Work for both of us started off with a bang on Jan. 2 and shows no signs of letting up for months to come, so it would be understandable if our culinary ambitions trailed off from the high points of the recent holiday.
But we have to keep our strength up, so Pam is making sure we eat our vegetables.
Last night, she put together a couple of dishes from the new cookbook that Kevin got us for Christmas,
The Art of Indian Vegetarian Cooking. The first was Aloo Sak, or potatoes and spinach, and the other was Baigan Simla Mirch Tarkari, sauteed eggplant and bell peppers.

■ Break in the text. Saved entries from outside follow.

Lemma gauss_content (x u : pseries R) (rho : RR) : v0 u = 0 ->
  (forall k, rho%:E <= vc (x * u)%R k) -> forall n, rho%:E <= vc x n.
Proof.
move=> hu hxu n; rewrite leNgt; apply/negP => hlt.
have xn0 : val (coefs x n) != 0%R.
  by apply: contra_ltN hlt => /eqP ->; rewrite v0E leey.
set a := fine (vc x n); have ea : vc x n = a%:E := v_fine v xn0.
have arho : (a < rho)%R by rewrite -lte_fin -ea.
pose eps := ((rho - a) / 3)%R.
have eps0 : (0 < eps)%R by rewrite divr_gt0 // subr_gt0.
have [m um] : exists m, vc u m < eps%:E.
  have : ereal_inf (range (fun k => vc u k)) < eps%:E by rewrite -/(v0 u) hu lte_fin.
  by move/ereal_inf_lt => [y [m _ <-] hy]; exists m.
have um0 : val (coefs u m) != 0%R.
  by apply: contra_ltN um => /eqP ->; rewrite v0E leey.
set b := fine (vc u m); have eb : vc u m = b%:E := v_fine v um0.
have beps : (b < eps)%R by rewrite -lte_fin -eb.
pose t := (eps / (n + m).+1%:R)%R.
have t0 : (0 < t)%R by rewrite divr_gt0.
have [n1 xn1 x1] := tilted_first_argmin t0 xn0.
have [m1 um1 u1] := tilted_first_argmin t0 um0.
have key : rho%:E <= tilted t x n + tilted t u m.
  apply: le_trans (hxu (n1 + m1)%N) _; rewrite (coef_mul_first_argmins xn1 um1) //.
  apply: le_trans (leeD (xn1.1 n) (um1.1 m)).
  by rewrite leeD // leeDl // lee_fin mulr_ge0 // ltW.
have ht : (t * (n + m).+1%:R = eps)%R by rewrite divfK // pnatr_eq0.
have e3 : (3 * eps = rho - a)%R by rewrite mulrC divfK // pnatr_eq0.
move: key ht; rewrite /tilted ea eb -!EFinD lee_fin -addn1 !natrD !mulrDr mulr1.
rewrite ![(t * _)%R]mulrC; move: (n%:R * t)%R (m%:R * t)%R => p q; lra.
Qed.

Lemma ps_mul_eq0 (x u : pseries R) : v0 u = 0 -> (x * u = 0 -> x = 0)%R.
Proof.
move=> hu hxu; apply: pseriesP => n; apply: val_inj; apply/(valuation_eq_inf v).
have bound rho : rho%:E <= vc x n.
  by apply: (gauss_content hu) => k; rewrite hxu v0E leey.
case E: (vc x n) (valuation_neq_ninf v (val (coefs x n))) => [r| |] // _.
by have := bound (r + 1)%R; rewrite E lee_fin gerDl ler10.
Qed.

Lemma gauss_divisibility (x u a : pseries R) (r : R) :
  r != 0%R -> v0 u = 0 -> (x * u)%R = r *: a -> exists x', x = r *: x'.
Proof.
move=> r0 hu hxu.
have r0F : val r != 0%R.
  by apply: contra r0 => /eqP h; apply/eqP; apply: val_inj; rewrite h.
have hr k : v (val r) <= vc x k.
  rewrite (v_fine v r0F); apply: (gauss_content hu) => j.
  rewrite hxu coefs_scale rmorphM valuation_mul -(v_fine v r0F).
  by rewrite leeDl // vring_ge0.
have /choice [c hc] : forall k, exists ck, coefs x k = (ck * r)%R.
  by move=> k; exact: vring_dvd r0F (hr k).
by exists (PSeries c); apply: pseriesP => k; rewrite coefs_scale hc mulrC.
Qed.

Lemma ps_scale_eq0 (r : R) (a : pseries R) : (r != 0 -> r *: a = 0 -> a = 0)%R.
Proof.
move=> r0 ra; apply: pseriesP => n /=; apply/eqP.
have /eqP := congr1 (fun p : pseries R => coefs p n) ra.
by rewrite coefs_scale vring_mulf_eq0 (negbTE r0).
Qed.
End Gauss.

Section Localization.
Variables (F : fieldType) (RR : realType) (v : valuation F RR).
Local Notation R := (vring v).
Variables (T : comAlgType R) (iota : {lrmorphism pseries R -> T}).
Hypothesis hloc : is_localization [set f | v0 f = 0%E] iota.

(** R[[X]] -> T is injective since U consists of nonzerodivisors *)
Lemma localization_injective : injective iota.
Proof.
have [_ _ iota_ker] := hloc.
move=> a b eab; apply/eqP; rewrite -subr_eq0; apply/eqP.
have /iota_ker [u hu hua] : iota (a - b) = 0 by rewrite raddfB /= eab subrr.
by apply: (ps_mul_eq0 hu); rewrite mulrC.
Qed.

(** T has no R-torsion: denominators are units and R[[X]] has none *)
Lemma localization_torsionfree (r : R) (d : T) : r != 0 -> r *: d = 0 -> d = 0.
Proof.
have [iota_unit iota_frac _] := hloc.
move=> r0 rd; have [a [w [hw hdw]]] := iota_frac d.
have a0 : a = 0.
  apply: (ps_scale_eq0 r0); apply: localization_injective.
  by rewrite linearZZ -hdw scalerAl rd mul0r rmorph0.
have [c hc] := iota_unit w hw.
by rewrite -[d]mulr1 -hc mulrCA hdw a0 rmorph0 mulr0.
Qed.

(** if r m = iota x, write m = iota a / iota u; then x u = r a, so r divides
    x by the Gauss lemma and m = iota (x / r) by torsion-freeness *)
Lemma localization_rel_divisible : rel_divisible iota.
Proof.
have [_ iota_frac _] := hloc.
move=> r m x r0 rmx; have [a [u [hu hmu]]] := iota_frac m.
have [|x' ex] := gauss_divisibility (x := x) (a := a) r0 hu.
  by apply: localization_injective; rewrite rmorphM linearZZ -hmu scalerAl rmx.
exists x'; apply/eqP; rewrite -subr_eq0; apply/eqP.
by apply: (localization_torsionfree r0); rewrite scalerBr rmx ex linearZZ subrr.
Qed.
End Localization.

Section Powers.
Variables (R : comNzRingType) (N M : lmodType R) (f : N -> M) (I : Type).

Lemma map_pow_linear : linear f -> linear (map_pow (I:=I) f).
Proof. by move=> f_linear a x y; apply: funext => i; exact: f_linear. Qed.

Lemma map_pow_injective : injective f -> injective (map_pow (I:=I) f).
Proof.
move=> f_inj x y e; apply: funext => i; apply: f_inj.
exact: (congr1 (fun g => g i) e).
Qed.

Lemma map_pow_rel_divisible : rel_divisible f -> rel_divisible (map_pow (I:=I) f).
Proof.
move=> f_rd r m x r0 e.
have /choice [y hy] : forall i, exists y, m i = f y.
  by move=> i; apply: (f_rd _ _ (x i) r0); exact: (congr1 (fun g => g i) e).
by exists y; apply: funext.
Qed.
End Powers.

Local Open Scope classical_set_scope.

Theorem proposition4p2 (F : fieldType) (RR : realType) (v : valuation F RR)
  (hdense : dense (value_group v)) (hproper : value_group v <> setT)
  (T : comAlgType (vring v)) (iota : {lrmorphism pseries (vring v) -> T})
  (hloc : is_localization [set f | v0 f = 0%E] iota) :
  pure_embedding (iota : pseries (vring v) -> T) /\
  forall I : Type, pure_embedding (map_pow (I:=I) (iota : pseries (vring v) -> T)).
Proof.
have divR := @vring_divisibility_total F RR v.
have iota_linear : linear (iota : pseries (vring v) -> T) := linearP iota.
have iota_inj := localization_injective hloc.
have iota_rd := localization_rel_divisible hloc.
split; first exact: (rd_pure_embedding divR iota_linear iota_inj iota_rd).
move=> I; apply: (rd_pure_embedding divR).
- exact: map_pow_linear.
- exact: map_pow_injective.
- exact: map_pow_rel_divisible.
Qed.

A couple of surprises here.
The eggplant dish involved steaming the eggplant first, then combining with a giant mound of peppers (three large ones, sliced thin) that were sauteed with mustard seeds until they were blistered and shrunk down to little shreds of their former selves. Add freshly mixed garam masala according to Lord Krishna's recipe, and you have a remarkably dense and flavorful dish that is served with yogurt and cilantro.
Potatoes and spinach? That one you start by making French Fries! Once nicely browned in a thin layer of oil, you pull out the potatoes, dump a hot red spice mix into the oil, sizzle away the moisture, add the spinach and a bit later add the potatoes back in. Squeeze on some lemon and eat with some garlic nan (from the frozen food case at the wildly popular Fresh Farms International Market, 2626 W. Devon), and you have yourself a decent meal.
To keep the momentum going, Pam made some toasted mango, avocado and mozzarella sandwiches for brunch today with Granny and Carolyn. The sandwiches were marvelously light and clean-tasting, almost bland, but the side dish of fiery chipotle potatoes balanced things out.
We'll see how long we can keep this up before falling into the inevitable food rut.